(* The factor [x^alpha] shrinks by [p^alpha] under [x -> p x], while the
   logarithmic factor changes by a ratio tending to 1. *)
Lemma Rpower_mul_log_plus_supersolution (p alpha beta : R) : 0 < p < 1 -> 0 < alpha ->
  supersolution p (fun x => Rpower x alpha * Rpower (log_plus x) beta)
                  (fun x => Rpower x alpha * Rpower (log_plus x) beta).
Proof.
  intros Hp Ha.
  assert (Hlnp : ln p < 0) by (rewrite <- ln_1; apply ln_increasing; lra).
  set (rho := Rpower p (alpha / 2)).
  assert (Hrho : 0 < rho < 1).
  { split; [apply Rpower_pos|]. rewrite <- exp_0. apply exp_increasing. nra. }
  assert (Hrho_eq : Rpower p alpha * exp (- (alpha / 2 * ln p)) = rho).
  { unfold rho, Rpower. rewrite <- exp_plus. f_equal. field. }
  assert (Hq3 : Rpower (1 - p) alpha * exp 1 <= 3).
  { assert (Rpower (1 - p) alpha <= 1)
      by (rewrite <- (Rpower_1_l alpha) at 2; apply Rle_Rpower_l; lra).
    pose proof exp_le_3. pose proof (exp_pos 1). pose proof (Rpower_pos (1 - p) alpha). nra. }
  destruct (Rpower_mul_log_plus_scale_le p alpha beta (- (alpha / 2 * ln p))) as [Xp HXp];
    try nra.
  destruct (Rpower_mul_log_plus_scale_le (1 - p) alpha beta 1) as [Xq HXq]; try lra.
  destruct (exp_mul_Rpower_log_plus_small p 0 ((1 - rho) / 9)) as [Xe HXe]; try lra.
  exists ((1 - rho) / 3), (Rmax Xp (Rmax Xq Xe)). split; [lra|]. intros x Hx.
  pose proof (Rle_trans _ _ _ (Rmax_r _ _) Hx) as Hx'.
  specialize (HXp x (Rle_trans _ _ _ (Rmax_l _ _) Hx)).
  specialize (HXq x (Rle_trans _ _ _ (Rmax_l _ _) Hx')).
  specialize (HXe x (Rle_trans _ _ _ (Rmax_r _ _) Hx')).
  rewrite Rpower_0_r, Rmult_1_r in HXe. rewrite Hrho_eq in HXp.
  set (hx := Rpower x alpha * Rpower (log_plus x) beta) in *.
  set (hq := Rpower ((1 - p) * x) alpha * Rpower (log_plus ((1 - p) * x)) beta) in *.
  assert (Hhx : 0 < hx) by (apply Rmult_lt_0_compat; apply Rpower_pos).
  assert (Hhq : hq <= 3 * hx) by (eapply Rle_trans; [exact HXq | nra]).
  assert (exp (- (p * x)) * hq <= (1 - rho) / 9 * (3 * hx)).
  { apply Rmult_le_compat; try lra; [apply Rlt_le, exp_pos|].
    apply Rmult_le_pos; apply Rlt_le, Rpower_pos. }
  assert (0 <= (1 - rho) * hx) by nra.
  lra.
Qed.

Lemma one_le_Rpower_mul_log_plus (alpha beta : R) : 0 < alpha ->
  exists X, forall x, X <= x -> 1 <= Rpower x alpha * Rpower (log_plus x) beta.
Proof.
  intros Ha. destruct (Rpower_log_plus_le_Rpower alpha (- beta) Ha) as [X HX].
  exists X. intros x Hx.
  rewrite <- (Rpower_mul_opp (log_plus x) beta), (Rmult_comm (Rpower x alpha)).
  apply Rmult_le_compat_l; [apply Rlt_le, Rpower_pos | now apply HX].
Qed.

Lemma bigO_pinfty_refl (u : R -> R) : bigO_pinfty u u.
Proof. exists 1, 0. intros x _. lra. Qed.

Lemma bigO_pinfty_trans (u v w : R -> R) :
  bigO_pinfty u v -> bigO_pinfty v w -> bigO_pinfty u w.
Proof.
  intros [K [M Huv]] [K' [M' Hvw]]. exists (Rabs K * K'), (Rmax M M'). intros x Hx.
  specialize (Huv x (Rle_trans _ _ _ (Rmax_l _ _) Hx)).
  specialize (Hvw x (Rle_trans _ _ _ (Rmax_r _ _) Hx)).
  assert (K * Rabs (v x) <= Rabs K * Rabs (v x))
    by (apply Rmult_le_compat_r; [apply Rabs_pos | apply Rle_abs]).
  assert (Rabs K * Rabs (v x) <= Rabs K * (K' * Rabs (w x)))
    by (apply Rmult_le_compat_l; [apply Rabs_pos | exact Hvw]).
  lra.
Qed.

Lemma Rpower_0_mul_log_plus_bigO (beta : R) :
  bigO_pinfty (fun x => Rpower x 0 * Rpower (log_plus x) beta)
              (fun x => Rpower (log_plus x) beta).
Proof. exists 1, 0. intros x _. rewrite Rpower_0_r, !Rmult_1_l. lra. Qed.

- Requirement
Output, and output only, the lines from the one containing "intros Ha. destruct" through the last line of the data above.

- Reply
  intros Ha. destruct (Rpower_log_plus_le_Rpower alpha (- beta) Ha) as [X HX].
  exists X. intros x Hx.
  rewrite <- (Rpower_mul_opp (log_plus x) beta), (Rmult_comm (Rpower x alpha)).
  apply Rmult_le_compat_l; [apply Rlt_le, Rpower_pos | now apply HX].
Qed.

Lemma bigO_pinfty_refl (u : R -> R) : bigO_pinfty u u.
Proof. exists 1, 0. intros x _. lra. Qed.

Lemma bigO_pinfty_trans (u v w : R -> R) :
  bigO_pinfty u v -> bigO_pinfty v w -> bigO_pinfty u w.
Proof.
  intros [K [M Huv]] [K' [M' Hvw]]. exists (Rabs K * K'), (Rmax M M'). intros x Hx.
  specialize (Huv x (Rle_trans _ _ _ (Rmax_l _ _) Hx)).
  specialize (Hvw x (Rle_trans _ _ _ (Rmax_r _ _) Hx)).
  assert (K * Rabs (v x) <= Rabs K * Rabs (v x))
    by (apply Rmult_le_compat_r; [apply Rabs_pos | apply Rle_abs]).
  assert (Rabs K * Rabs (v x) <= Rabs K * (K' * Rabs (w x)))
    by (apply Rmult_le_compat_l; [apply Rabs_pos | exact Hvw]).
  lra.
Qed.

Lemma Rpower_0_mul_log_plus_bigO (beta : R) :
  bigO_pinfty (fun x => Rpower x 0 * Rpower (log_plus x) beta)
              (fun x => Rpower (log_plus x) beta).
Proof. exists 1, 0. intros x _. rewrite Rpower_0_r, !Rmult_1_l. lra. Qed.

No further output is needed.